Tuesday, 4 October 2011

Taxing Times

Over the last few years the public cry, largely driven by an uninformed press, has been for new higher levels of tax for companies and in particular for high earning individuals (in the UK at least). In theory this generates a lot more income to help the government reduce the deficit. It would also in theory bash the banker's bonus which seems to be to top priority for the mainstream media.

The problem with onerous tax levels is that it is anti business and talented / high earning employees will simply leave the country. They are a mobile workforce and typically work in financial jobs in London which could be replicated in other global financial sectors. I personally know several brokers and bankers who have already made the move - most seem to be heading to Zurich or Singapore. Interestingly they say one issue for the move is tax but another reason is the public sentiment over high earners at the moment. Even if their job was completely unrelated to the financial crisis they are still being branded with the same 'banker' label which is now considered a derogatory term. It's not only people that are moving - last year Wolseley, a large building company, took their HQ and £391m profit to Switzerland. The UK missed out on a £23m tax bill as a result.

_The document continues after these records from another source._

(* Map every generator to 1 in the adequate monoid (nat, +, 0, 0) to get a
   length function [d] that is additive and kills [x^+] and [x^*].  Elements
   of length 0 lie in the subalgebra generated by no letters, which consists
   of idempotents (products of commuting idempotents are idempotent), so in
   [a = x b y], [b = x' a y'] all of [x, y, x', y'] are idempotents of S^1.
   Then [b = (x' x) b (y y')], and since left and right multiplications by
   commuting idempotents are commuting idempotent operators, [x b = b] and
   [b y = b], whence [a = b]. *)

Lemma fixed_by_commuting_idempotents (T : Type) (E F : T -> T) :
  (forall z, E (E z) = E z) -> (forall z, F (F z) = F z) ->
  (forall z, E (F z) = F (E z)) ->
  forall b, E (F b) = b -> E b = b /\ F b = b.
Proof.
  intros HE HF HEF b Hb; split.
  - rewrite <- Hb at 1; rewrite HE; exact Hb.
  - rewrite <- Hb at 1; rewrite <- HEF, HF; exact Hb.
Qed.

Lemma compose_commuting_idempotents (T : Type) (E F : T -> T) :
  (forall z, E (E z) = E z) -> (forall z, F (F z) = F z) ->
  (forall z, E (F z) = F (E z)) ->
  forall z, E (F (E (F z))) = E (F z).
Proof. intros HE HF HEF z; rewrite <- (HEF (F z)), HF, HE; reflexivity. Qed.

Section GradedCommutingIdempotents.
Variables (T : Type) (op : T -> T -> T).
Hypothesis opA : forall x y z, op x (op y z) = op (op x y) z.
Hypothesis idempotents_commute :
  forall e f, op e e = e -> op f f = f -> op e f = op f e.
Variable d : T -> nat.
Hypothesis d_op : forall x y, d (op x y) = d x + d y.
Hypothesis d0_idempotent : forall x, d x = 0 -> op x x = x.

Local Notation L := (lmul1 T op).
Local Notation R := (rmul1 T op).

Definition idempotent1 (e : option T) : Prop :=
  match e with None => True | Some e => op e e = e end.
Definition d1 (x : option T) : nat := match x with None => 0 | Some x => d x end.

Lemma d_lmul1 x z : d (L x z) = d1 x + d z.
Proof. destruct x; simpl; auto. Qed.
Lemma d_rmul1 x z : d (R z x) = d z + d1 x.
Proof. destruct x; simpl; auto. Qed.
Lemma d1_idempotent x : d1 x = 0 -> idempotent1 x.
Proof. destruct x; simpl; auto. Qed.

Lemma lmul1_idem e z : idempotent1 e -> L e (L e z) = L e z.
Proof. destruct e; simpl; auto; intros He; rewrite opA, He; reflexivity. Qed.
Lemma rmul1_idem e z : idempotent1 e -> R (R z e) e = R z e.
Proof. destruct e; simpl; auto; intros He; rewrite <- opA, He; reflexivity. Qed.
Lemma lmul1_comm e f z :
  idempotent1 e -> idempotent1 f -> L e (L f z) = L f (L e z).
Proof.
  destruct e, f; simpl; auto; intros He Hf.
  rewrite !opA, (idempotents_commute _ _ He Hf); reflexivity.
Qed.
Lemma rmul1_comm e f z :
  idempotent1 e -> idempotent1 f -> R (R z e) f = R (R z f) e.
Proof.
  destruct e, f; simpl; auto; intros He Hf.
  rewrite <- !opA, (idempotents_commute _ _ He Hf); reflexivity.
Qed.
Lemma lmul1_rmul1 e f z : L e (R z f) = R (L e z) f.
Proof. destruct e, f; simpl; auto. Qed.

Lemma graded_J_trivial : J_trivial T op.
Proof.
  intros a b [[x [y Ha]] [x' [y' Hb]]].
  pose proof (f_equal d Ha) as Da; pose proof (f_equal d Hb) as Db.
  rewrite d_lmul1, d_rmul1 in Da, Db.
  assert (ix : idempotent1 x) by (apply d1_idempotent; lia).
  assert (iy : idempotent1 y) by (apply d1_idempotent; lia).
  assert (ix' : idempotent1 x') by (apply d1_idempotent; lia).
  assert (iy' : idempotent1 y') by (apply d1_idempotent; lia).
  set (E := fun z => L x' (L x z)); set (F := fun z => R (R z y) y').
  assert (HE : forall z, E (E z) = E z).
  { apply (compose_commuting_idempotents _ (L x') (L x));
      auto using lmul1_idem, lmul1_comm. }
  assert (HF : forall z, F (F z) = F z).
  { apply (compose_commuting_idempotents _ (fun z => R z y') (fun z => R z y));
      auto using rmul1_idem, rmul1_comm. }
  assert (HEF : forall z, E (F z) = F (E z)).
  { intros z; unfold E, F; rewrite <- !lmul1_rmul1; reflexivity. }
  assert (Hb' : E (F b) = b).
  { rewrite Hb at 2; rewrite Ha; unfold E, F; rewrite <- lmul1_rmul1; reflexivity. }
  destruct (fixed_by_commuting_idempotents _ E F HE HF HEF b Hb') as [HEb HFb].
  assert (Hxb : L x b = b).
  { apply (fixed_by_commuting_idempotents _ (L x') (L x)); [..| exact HEb];
      auto using lmul1_idem, lmul1_comm. }
  assert (Hby : R b y = b).
  { apply (fixed_by_commuting_idempotents _ (fun z => R z y') (fun z => R z y));
      [..| exact HFb]; auto using rmul1_idem, rmul1_comm. }
  rewrite Ha, Hby; exact Hxb.
Qed.

End GradedCommutingIdempotents.

Lemma nat_add_Rstar (x : nat) : Rstar nat Nat.add 0 x.
Proof. intros [a|] [b|]; simpl; lia. Qed.
Lemma nat_add_Lstar (x : nat) : Lstar nat Nat.add 0 x.
Proof. intros [a|] [b|]; simpl; lia. Qed.

Definition nat_adequate : AdequateSemigroup :=
  {| carrier := nat; mul := Nat.add; plus := fun _ => 0; star := fun _ => 0;
     mulA := Nat.add_assoc;
     idem_comm := fun e f _ _ => Nat.add_comm e f;
     plus_idem := fun _ => eq_refl;
     plus_Rstar := nat_add_Rstar;
     star_idem := fun _ => eq_refl;
     star_Lstar := nat_add_Lstar |}.

Definition nat_adequate_monoid : AdequateMonoid :=
  {| asg := nat_adequate; one := (0 : nat_adequate);
     mul1x := fun _ => eq_refl; mulx1 := Nat.add_0_r |}.

Section InjectiveHom.
Variables (A B : Type) (mA : A -> A -> A) (mB : B -> B -> B) (j : A -> B).
Hypothesis j_inj : forall a a', j a = j a' -> a = a'.
Hypothesis j_mul : forall a a', j (mA a a') = mB (j a) (j a').

Lemma lmul1_hom x a : j (lmul1 A mA x a) = lmul1 B mB (option_map j x) (j a).
Proof. destruct x; simpl; auto. Qed.
Lemma rmul1_hom x a : j (rmul1 A mA a x) = rmul1 B mB (j a) (option_map j x).
Proof. destruct x; simpl; auto. Qed.

Lemma Rstar_reflect a b : Rstar B mB (j a) (j b) -> Rstar A mA a b.
Proof.
  intros Hab x y; split; intros H; apply j_inj; rewrite !lmul1_hom;
    apply Hab; rewrite <- !lmul1_hom; congruence.
Qed.
Lemma Lstar_reflect a b : Lstar B mB (j a) (j b) -> Lstar A mA a b.
Proof.
  intros Hab x y; split; intros H; apply j_inj; rewrite !rmul1_hom;
    apply Hab; rewrite <- !rmul1_hom; congruence.
Qed.

End InjectiveHom.

Section Subalgebra.
Variables (S : AdequateSemigroup) (P : S -> Prop).
Hypothesis P_mul : forall x y, P x -> P y -> P (mul S x y).
Hypothesis P_plus : forall x, P x -> P (plus S x).
Hypothesis P_star : forall x, P x -> P (star S x).

Definition sub_mul (a b : {x : S | P x}) : {x : S | P x} :=
  exist _ _ (P_mul _ _ (proj2_sig a) (proj2_sig b)).
Definition sub_plus (a : {x : S | P x}) : {x : S | P x} :=
  exist _ _ (P_plus _ (proj2_sig a)).
Definition sub_star (a : {x : S | P x}) : {x : S | P x} :=
  exist _ _ (P_star _ (proj2_sig a)).

Lemma sub_val_inj (a b : {x : S | P x}) : proj1_sig a = proj1_sig b -> a = b.
Proof.
  destruct a as [a pa], b as [b pb]; simpl; intros ->.
  f_equal; apply proof_irrelevance.
Qed.

Definition sub_adequate : AdequateSemigroup.
Proof.
  refine {| carrier := {x : S | P x}; mul := sub_mul; plus := sub_plus;
            star := sub_star |}.
  - intros; apply sub_val_inj, mulA.
  - intros e f He Hf; apply sub_val_inj, idem_comm.
    + exact (f_equal (@proj1_sig _ _) He).
    + exact (f_equal (@proj1_sig _ _) Hf).
  - intros; apply sub_val_inj, plus_idem.
  - intros a; apply (Rstar_reflect _ _ _ _ _ sub_val_inj (fun _ _ => eq_refl)).
    apply plus_Rstar.
  - intros; apply sub_val_inj, star_idem.
  - intros a; apply (Lstar_reflect _ _ _ _ _ sub_val_inj (fun _ _ => eq_refl)).
    apply star_Lstar.
Defined.

End Subalgebra.

Definition sub_adequate_monoid (M : AdequateMonoid) (P : M -> Prop)
  (P_mul : forall x y, P x -> P y -> P (mul M x y))
  (P_plus : forall x, P x -> P (plus M x))
  (P_star : forall x, P x -> P (star M x))
  (P_one : P (one M)) : AdequateMonoid.
Proof.
  refine {| asg := sub_adequate M P P_mul P_plus P_star;
            one := exist P (one M) P_one |}.
  - intros; apply sub_val_inj, mul1x.
  - intros; apply sub_val_inj, mulx1.
Defined.

Lemma adequate_morph_comp (S T U : AdequateSemigroup) (g : T -> U) (h : S -> T) :
  adequate_morph T U g -> adequate_morph S T h ->
  adequate_morph S U (fun x => g (h x)).
Proof.
  intros [gm [gp gs]] [hm [hp hs]]; repeat split; intros;
    [rewrite hm, gm | rewrite hp, gp | rewrite hs, gs]; reflexivity.
Qed.

Lemma adequate_morph_id (S : AdequateSemigroup) : adequate_morph S S (fun x => x).
Proof. repeat split. Qed.

Lemma adequate_morph_proj1_sig (S : AdequateSemigroup) (P : S -> Prop) Pm Pp Ps :
  adequate_morph (sub_adequate S P Pm Pp Ps) S (@proj1_sig _ _).
Proof. repeat split. Qed.

Lemma free_adequate_semigroup_endo_id Sigma (S : AdequateSemigroup) iota :
  is_free_adequate_semigroup Sigma S iota ->
  forall g : S -> S, adequate_morph S S g -> (forall s, g (iota s) = iota s) ->
  forall x, g x = x.
Proof.
  intros Hfree g Hg Hgi x; destruct (Hfree S iota) as [h [_ Huniq]].
  rewrite (Huniq g Hg Hgi x); symmetry.
  exact (Huniq _ (adequate_morph_id S) (fun _ => eq_refl) x).
Qed.

Lemma free_adequate_monoid_endo_id Sigma (M : AdequateMonoid) iota :
  is_free_adequate_monoid Sigma M iota ->
  forall g : M -> M, adequate_monoid_morph M M g -> (forall s, g (iota s) = iota s) ->
  forall x, g x = x.
Proof.
  intros Hfree g Hg Hgi x; destruct (Hfree M iota) as [h [_ Huniq]].
  rewrite (Huniq g Hg Hgi x); symmetry.
  exact (Huniq _ (conj (adequate_morph_id M) eq_refl) (fun _ => eq_refl) x).
Qed.

Lemma free_adequate_semigroup_ind Sigma (S : AdequateSemigroup) iota
  (Hfree : is_free_adequate_semigroup Sigma S iota) (P : S -> Prop)
  (P_mul : forall x y, P x -> P y -> P (mul S x y))
  (P_plus : forall x, P x -> P (plus S x))
  (P_star : forall x, P x -> P (star S x))
  (P_gen : forall s, P (iota s)) : forall x, P x.
Proof.
  destruct (Hfree (sub_adequate S P P_mul P_plus P_star)
              (fun s => exist _ (iota s) (P_gen s))) as [h [[Hh Hhi] _]].
  intros x; rewrite <- (free_adequate_semigroup_endo_id _ _ _ Hfree
                          (fun x => proj1_sig (h x))) with (x := x).
  - exact (proj2_sig (h x)).
  - exact (adequate_morph_comp _ _ _ _ _ (adequate_morph_proj1_sig _ _ _ _ _) Hh).
  - intros s; rewrite Hhi; reflexivity.
Qed.

Lemma free_adequate_monoid_ind Sigma (M : AdequateMonoid) iota
  (Hfree : is_free_adequate_monoid Sigma M iota) (P : M -> Prop)
  (P_mul : forall x y, P x -> P y -> P (mul M x y))
  (P_plus : forall x, P x -> P (plus M x))
  (P_star : forall x, P x -> P (star M x))
  (P_one : P (one M))
  (P_gen : forall s, P (iota s)) : forall x, P x.
Proof.
  destruct (Hfree (sub_adequate_monoid M P P_mul P_plus P_star P_one)
              (fun s => exist _ (iota s) (P_gen s))) as [h [[[Hh Hh1] Hhi] _]].
  intros x; rewrite <- (free_adequate_monoid_endo_id _ _ _ Hfree
                          (fun x => proj1_sig (h x))) with (x := x).
  - exact (proj2_sig (h x)).
  - split.
    + exact (adequate_morph_comp _ _ _ _ _ (adequate_morph_proj1_sig _ _ _ _ _) Hh).
    + rewrite Hh1; reflexivity.
  - intros s; rewrite Hhi; reflexivity.
Qed.

Lemma idempotent_mul (S : AdequateSemigroup) (e f : S) :
  mul S e e = e -> mul S f f = f -> mul S (mul S e f) (mul S e f) = mul S e f.
Proof.
  intros He Hf.
  rewrite <- mulA, (mulA S f e f), <- (idem_comm S e f He Hf), <- mulA, Hf,
    mulA, He; reflexivity.
Qed.

Lemma length0_idempotent_mul (S : AdequateSemigroup) (d : S -> nat)
  (d_mul : forall x y, d (mul S x y) = d x + d y) (x y : S) :
  (d x = 0 -> mul S x x = x) -> (d y = 0 -> mul S y y = y) ->
  d (mul S x y) = 0 -> mul S (mul S x y) (mul S x y) = mul S x y.
Proof.
  rewrite d_mul; intros Hx Hy Hxy.
  apply idempotent_mul; [apply Hx | apply Hy]; lia.
Qed.

Lemma free_adequate_semigroup_J_trivial Sigma (S : AdequateSemigroup) iota :
  is_free_adequate_semigroup Sigma S iota -> J_trivial S (mul S).
Proof.
  intros Hfree.
  destruct (Hfree nat_adequate (fun _ => 1)) as [d [[[d_mul _] d_gen] _]].
  apply (graded_J_trivial S (mul S) (mulA S) (idem_comm S) d d_mul).
  apply (free_adequate_semigroup_ind _ _ _ Hfree
           (fun x => d x = 0 -> mul S x x = x)).
  - exact (length0_idempotent_mul S d d_mul).
  - intros; apply plus_idem.
  - intros; apply star_idem.
  - intros s; rewrite d_gen; discriminate.
Qed.

Lemma free_adequate_monoid_J_trivial Sigma (M : AdequateMonoid) iota :
  is_free_adequate_monoid Sigma M iota -> J_trivial M (mul M).
Proof.
  intros Hfree.
  destruct (Hfree nat_adequate_monoid (fun _ => 1))
    as [d [[[[d_mul _] _] d_gen] _]].
  apply (graded_J_trivial M (mul M) (mulA M) (idem_comm M) d d_mul).
  apply (free_adequate_monoid_ind _ _ _ Hfree
           (fun x => d x = 0 -> mul M x x = x)).
  - exact (length0_idempotent_mul M d d_mul).
  - intros; apply plus_idem.
  - intros; apply star_idem.
  - intros; apply mul1x.
  - intros s; rewrite d_gen; discriminate.
Qed.

Theorem theorem7p2 :
  (forall (Sigma : Type) (S : AdequateSemigroup) (iota : Sigma -> S),
      is_free_adequate_semigroup Sigma S iota -> J_trivial S (mul S)) /\
  (forall (Sigma : Type) (M : AdequateMonoid) (iota : Sigma -> M),
      is_free_adequate_monoid Sigma M iota -> J_trivial M (mul M)).
Proof.
  split.
  - exact free_adequate_semigroup_J_trivial.
  - exact free_adequate_monoid_J_trivial.
Qed.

The UK needs to remain pro business and encourage high earners to excel. The top5% already pay 25% of the UK's income tax. High earners should definitely pay more tax but anything beyond the current level would be counterproductive and the 50p bracket should be reversed soon before too much damage is done. There also needs to be a sentiment change - companies are generally speaking efficient and wouldn't pay big bonuses unless the person receiving that bonus was worth considerably more. There tax bills are already larger than most people's paychecks so just think of what can be done with the tax they generate.